Distributed Linear Regression with Compositional Covariates
This work addresses the problem of handling large-scale compositional data in distributed settings for statisticians and data scientists, representing an incremental improvement by adapting existing optimization methods to this specific domain.
The paper tackles distributed sparse penalized linear regression for massive compositional data by proposing two distributed optimization algorithms based on ADMM and CDMM frameworks, achieving communication-efficient estimation with rigorous convergence proofs and validated through numerical experiments on synthetic and real data.

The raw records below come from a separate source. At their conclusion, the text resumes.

Lemma window_count_excise w L i j : (i < j)%N -> (j <= L)%N ->
  window_count w L =
    (window_count (excise w i j) (L - (j - i)) + weight (j - i) (fun k => w (i + k)%N%:Z))%N.
Proof.
move=> ij jL.
have count_nat v M : window_count v M = (\sum_(0 <= x < M) (v x%:Z : nat))%N.
  by rewrite /window_count big_mkord.
rewrite !count_nat.
rewrite (@big_cat_nat _ _ _ i 0 (L - (j - i))) //=; last lia.
rewrite (@big_cat_nat _ _ _ i 0 L) //=; last lia.
rewrite (@big_cat_nat _ _ _ j i L) ?(ltnW ij) //=.
have -> : (\sum_(0 <= x < i) (excise w i j x%:Z : nat) = \sum_(0 <= x < i) (w x%:Z : nat))%N.
  by apply: eq_big_nat => x /andP [_ xi]; rewrite /excise ltz_nat xi.
have -> : (\sum_(i <= x < L - (j - i)) (excise w i j x%:Z : nat)
          = \sum_(j <= x < L) (w x%:Z : nat))%N.
  rewrite [in RHS](_ : j = i + (j - i))%N ?big_addn; last lia.
  rewrite [in RHS]big_nat_cond [in LHS]big_nat_cond.
  apply: eq_bigr => x /andP [/andP [ix xL] _].
  by rewrite /excise ifF ?ltz_nat; [congr (nat_of_bool (w _)); lia | lia].
have -> : (weight (j - i) (fun k => w (i + k)%N%:Z) = \sum_(i <= x < j) (w x%:Z : nat))%N.
  rewrite [in RHS](_ : i = 0 + i)%N // big_addn big_mkord /weight.
  by apply: eq_bigr => x _; congr (nat_of_bool (w _)); lia.
lia.
Qed.

Lemma absz_modz_lt p (x : int) : (0 < p)%N -> (absz (x %% p%:Z)%Z < p)%N.
Proof.
move=> p0; have : 0 <= (x %% p%:Z)%Z by apply: modz_ge0; lia.
have : (x %% p%:Z)%Z < p%:Z by apply: ltz_pmod; lia.
lia.
Qed.

Lemma periodic_extDM p g (m x : int) :
  periodic_ext p g (x + m * p%:Z) = periodic_ext p g x.
Proof. by rewrite /periodic_ext addrC modzMDl. Qed.
Definition gibbs_weight j y := expR (a j + c j * y).
Definition gibbs_sum g y := \sum_(j < N) gibbs_weight j y * g j.
Definition gibbs_mean g y := gibbs_sum g y / gibbs_sum (fun=> 1) y.
Definition gibbs_cov g y :=
  gibbs_mean (fun j => g j * c j) y - gibbs_mean g y * gibbs_mean c y.

Lemma gibbs_partition_gt0 y : 0 < gibbs_sum (fun=> 1) y.
Proof.
rewrite /gibbs_sum (bigD1 (Ordinal N_gt0)) //= mulr1 ltr_pwDl ?expR_gt0 //.
by apply: sumr_ge0 => j _; rewrite mulr1 expR_ge0.
Qed.

Lemma is_derive_gibbs_sum g y :
  is_derive y 1 (gibbs_sum g) (gibbs_sum (fun j => g j * c j) y).
Proof.
have := is_derive1_sum (fun j =>
  is_derive1_mul (is_derive1_expR_affine (a j) (c j) y) (is_derive_cst (g j) y 1)).
apply: is_derive1_ext => [z //|].
by apply: eq_bigr => j _; rewrite /gibbs_weight /=; ring.
Qed.

Lemma is_derive_gibbs_mean g y : is_derive y 1 (gibbs_mean g) (gibbs_cov g y).
Proof.
have Z0 := gibbs_partition_gt0 y.
have := is_derive1_div (lt0r_neq0 Z0) (is_derive_gibbs_sum g y)
  (is_derive_gibbs_sum (fun=> 1) y).
apply: is_derive1_ext => [z //|].
have -> : gibbs_sum (fun j => 1 * c j) y = gibbs_sum c y.
  by apply: eq_bigr => j _; rewrite mul1r.
by rewrite /gibbs_cov /gibbs_mean; field; rewrite lt0r_neq0.
Qed.

Lemma derive1n2_gibbs_mean g y :
  derive1n 2 (gibbs_mean g) y = gibbs_cov (fun j => g j * c j) y
    - gibbs_cov g y * gibbs_mean c y - gibbs_mean g y * gibbs_cov c y.
Proof.
apply: (derive1n2_eq (is_derive_gibbs_mean g)).
have := is_deriveB (is_derive_gibbs_mean (fun j => g j * c j) y)
  (is_derive1_mul (is_derive_gibbs_mean g y) (is_derive_gibbs_mean c y)).
by apply: is_derive1_ext => [z //|]; ring.
Qed.

Lemma gibbs_mean_norm_le g (G : R) y :
  (forall j, `|g j| <= G) -> `|gibbs_mean g y| <= G.
Proof.
move=> gG; have Z0 := gibbs_partition_gt0 y.
rewrite /gibbs_mean normrM normfV (gtr0_norm Z0) ler_pdivrMr //.
apply: (le_trans (ler_norm_sum _ _ _)).
rewrite /gibbs_sum mulr_sumr; apply: ler_sum => j _.
by rewrite normrM (gtr0_norm (expR_gt0 _)) mulr1 mulrC ler_wpM2r ?expR_ge0.
Qed.

Lemma gibbs_cov_norm_le g (G M : R) y : (forall j, `|g j| <= G) ->
  (forall j, `|c j| <= M) -> `|gibbs_cov g y| <= 2 * G * M.
Proof.
move=> gG cM.
have gcGM j : `|g j * c j| <= G * M by rewrite normrM ler_pM.
have mgc := gibbs_mean_norm_le _ _ y gcGM.
have mgmc : `|gibbs_mean g y * gibbs_mean c y| <= G * M.
  by rewrite normrM ler_pM ?gibbs_mean_norm_le.
apply: (le_trans (ler_normB _ _)); lra.
Qed.

Lemma norm_derive1n2_gibbs_mean_le g (G M : R) y : (forall j, `|g j| <= G) ->
  (forall j, `|c j| <= M) -> `|derive1n 2 (gibbs_mean g) y| <= 6 * G * M ^+ 2.
Proof.
move=> gG cM.
have gcGM j : `|g j * c j| <= G * M by rewrite normrM ler_pM.
have h1 := gibbs_cov_norm_le _ _ _ y gcGM cM.
have h2 : `|gibbs_cov g y * gibbs_mean c y| <= 2 * G * M * M.
  by rewrite normrM ler_pM ?gibbs_cov_norm_le ?gibbs_mean_norm_le.
have h3 : `|gibbs_mean g y * gibbs_cov c y| <= G * (2 * M * M).
  by rewrite normrM ler_pM ?gibbs_cov_norm_le ?gibbs_mean_norm_le.
rewrite derive1n2_gibbs_mean; apply: (le_trans (ler_normB _ _)).
have := ler_normB (gibbs_cov (fun j => g j * c j) y)
  (gibbs_cov g y * gibbs_mean c y).
rewrite expr2; lra.
Qed.

End GibbsMean.

Section LogitCurvature.
Context {R : realType} {n : nat} {m : 'I_n -> nat}.
Variables (adj : rel 'I_n) (A : forall i j : 'I_n, 'M[R]_(m i, m j)) (beta : R).

Definition coord_state (k : pcoord m) : pstate R m := upd (fun=> 0) k 1.

Definition logit_slope i k (s : 'I_(m i)) : R := util adj A beta (coord_state k) i s.

Lemma util_upd x k y i s : util adj A beta (upd x k y) i s =
  util adj A beta x i s + (y - x k) * logit_slope i k s.
Proof.
have -> : upd x k y = (fun z => x z + (y - x k) * coord_state k z).
  by apply/funext => z; rewrite /coord_state /upd; case: eqP => [->|_]; ring.
rewrite /logit_slope /util /payoff_ij mulrCA -mulrDr; congr (_ * _).
rewrite mulr_sumr -big_split; apply: eq_bigr => j _.
by rewrite mulr_sumr -big_split; apply: eq_bigr => s' _ /=; ring.
Qed.

Lemma logit_upd_gibbs_mean x i s k :
  (fun y => logit adj A beta (upd x k y) i s) =
  gibbs_mean (fun s' => util adj A beta x i s' - x k * logit_slope i k s')
    (logit_slope i k) (fun s' => (s' == s)%:R).
Proof.
apply/funext => y; rewrite /logit /gibbs_mean /gibbs_sum /gibbs_weight.
have uE s' : util adj A beta (upd x k y) i s' =
    util adj A beta x i s' - x k * logit_slope i k s' + logit_slope i k s' * y.
  by rewrite util_upd; ring.
congr (_ / _); last by apply: eq_bigr => s' _; rewrite mulr1 uE.
rewrite (bigD1 s) //= eqxx mulr1 big1 ?addr0 ?uE // => s' /negbTE ->.
by rewrite mulr0.
Qed.

Definition logit_curvature_bound i k : R :=
  6 * (\sum_(s' < m i) `|logit_slope i k s'|) ^+ 2.

Lemma logit_curvature_bound_ge0 i k : 0 <= logit_curvature_bound i k.
Proof. by rewrite mulr_ge0 ?sqr_ge0. Qed.

Lemma norm_d2logit_le x i s k :
  `|d2logit adj A beta x i s k| <= logit_curvature_bound i k.
Proof.
rewrite /d2logit logit_upd_gibbs_mean /logit_curvature_bound -[6]mulr1.
apply: (norm_derive1n2_gibbs_mean_le _ _ (leq_ltn_trans (leq0n s) (ltn_ord s))).
- by move=> s'; case: eqP; rewrite ?normr1 ?normr0.
- move=> s'; rewrite (bigD1 s') //= lerDl.
  by apply: sumr_ge0 => ? _; exact: normr_ge0.
Qed.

With the availability of extraordinarily huge data sets, solving the problems of distributed statistical methodology and computing for such data sets has become increasingly crucial in the big data area. In this paper, we focus on the distributed sparse penalized linear log-contrast model in massive compositional data. In particular, two distributed optimization techniques under centralized and decentralized topologies are proposed for solving the two different constrained convex optimization problems. Both two proposed algorithms are based on the frameworks of Alternating Direction Method of Multipliers (ADMM) and Coordinate Descent Method of Multipliers(CDMM, Lin et al., 2014, Biometrika). It is worth emphasizing that, in the decentralized topology, we introduce a distributed coordinate-wise descent algorithm based on Group ADMM(GADMM, Elgabli et al., 2020, Journal of Machine Learning Research) for obtaining a communication-efficient regularized estimation. Correspondingly, the convergence theories of the proposed algorithms are rigorously established under some regularity conditions. Numerical experiments on both synthetic and real data are conducted to evaluate our proposed algorithms.